In a bid to reduce its debt, B.M. Khaitan Group’s flagship company, Eveready Industries concluded an agreement with Nuland Technologies, for sale of its land in Hyderabad for a consideration of Rs 100 crore.
Production in this factory at Moula Ali Industrial Development Area in Hyderabad had stopped in 2010 owing to economic unviability.
This is the second time the company has concluded an agreement to sell its land to raise money which will help reduce its debt. In December last year, it had sold its land in Chennai to Olympia Group for Rs. 100 crore.
“The proceeds from this sale will be used to reduce the debt”, Amritanshu Khaitan, managing director at Eveready Industries, said.
Asked if the company is considering sale of more idling land parcels, he said, “Sale of non-core assets is a means to bring down the company’s borrowings. However, there is currently no consideration for sale of other land or assets”.
According to India Ratings, a Fitch Group credit ratings enterprise, Eveready repaid around Rs. 50 crore of debt in the first quarter of 2018-19, pat of which was funded through the installment received from the Chennai land sale.
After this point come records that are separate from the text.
(* Let $f:\{-1,1\}^n\to\mathbb R_{\ge0}$ with $\mathbb E[f]\le1$ be an $(\epsilon,\delta)$-approximate conical $d$-junta, where $\epsilon<1/n^4$, $d\ge\deg(f)$, and $\delta<1/n^{8d}$. Then $\deg_+\!\left(f+\frac1n\right)\le 8d$.
   Context: $\mathbb E$ is the uniform average over $\{-1,1\}^n$. For $I\subseteq[n]$, $x_I$ is the restriction of $x$ to $I$. A $d$-conjunction is $C(x)=2^{|I|}\mathbb 1[x_I=\alpha]$ with $|I|\le d$, $\alpha\in\{-1,1\}^I$. Fourier expansion: $h=\sum_S\hat h(S)\chi_S$ with $\chi_S(x)=\prod_{i\in S}x_i$. For $0<\epsilon<1$, $h$ is $\epsilon$-decaying if $\mathbb E[h]=0$ and $|\hat h(I)|\le\epsilon^{|I|}$ for all $I$. For $\epsilon\in(0,1)$, $\delta\in[0,1)$, a function $f\ge0$ with $\mathbb E[f]=1$ is an $(\epsilon,\delta)$-approximate conical $d$-junta if $f=\sum_{i\in[N]}\lambda_iC_i(1+h_i)+\gamma$ with $C_i$ $d$-conjunctions, $h_i$ $\epsilon$-decaying, $\lambda_i\ge0$, $\sum_i\lambda_i\le1$, and $\gamma\ge0$ with $\mathbb E[\gamma]\le\delta$. A $d$-junta depends on at most $d$ coordinates; a conical $d$-junta is a nonnegative combination of nonnegative $d$-juntas; $\deg_+(f)$ is the least positive integer $d$ with $f$ a conical $d$-junta; $\deg(f)$ is the degree of the multilinear polynomial representing $f$. *)

From HB Require Import structures.
From mathcomp Require Import all_boot all_order all_algebra.
Set Implicit Arguments. Unset Strict Implicit. Unset Printing Implicit Defensive.
Import Order.TTheory GRing.Theory Num.Theory.
Local Open Scope ring_scope.

(* The hypercube {-1,1}^n: a point x : cube n encodes the vector whose
   i-th coordinate is (-1)^(x i), i.e. x i = true <-> x_i = -1. *)
Definition cube (n : nat) := {ffun 'I_n -> bool}.

Section Defs.
Variables (R : realFieldType) (n : nat).

Definition xval (x : cube n) (i : 'I_n) : R := if x i then -1 else 1.

Definition Ex (f : cube n -> R) : R := (\sum_(x : cube n) f x) / (2 ^+ n).

Definition chi (S : {set 'I_n}) (x : cube n) : R := \prod_(i in S) xval x i.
The credit ratings firm said that term-loans of Eveready would be around Rs 301 crore while fund-based limit would be Rs. 160 and non-fund based limit would be Rs. 120 crore.
In July thus year, Eveready had sold off its loss-making packet tea business to Madhu Jayanti International to reduce burden on working capital. Although this business, in the last fiscal year stood at Rs 68.30 crore, but it had an EBlDTA loss of Rs 11.3 crore. Eveready felt it was not able to pump in money to promote the tea brands and saw the business as uneconomical.
“The company also finalised the sale of its packet tea business for Rs 6 crore. Although this will support the company’s overall profitability as the tea segment generated EBITDA loss, it is unlikely to substantially improve its liquidity or debt metrics”, India Ratings said.
Earlier this year, Price Waterhouse & Co Chartered Accountants LLP quit as the company’s auditor, stating that it has been unable to obtain sufficient audit evidence of inter-company deposits and its recovery. In its place, Singhi & Co Chartered Accountants was appointed.
Sources said the difference of opinion between Price Waterhouse & Co and Eveready was on the recoverability of inter-corporate deposits given to group companies and corporate guarantees given on behalf of group entities. These amount to Rs 512.26 crore.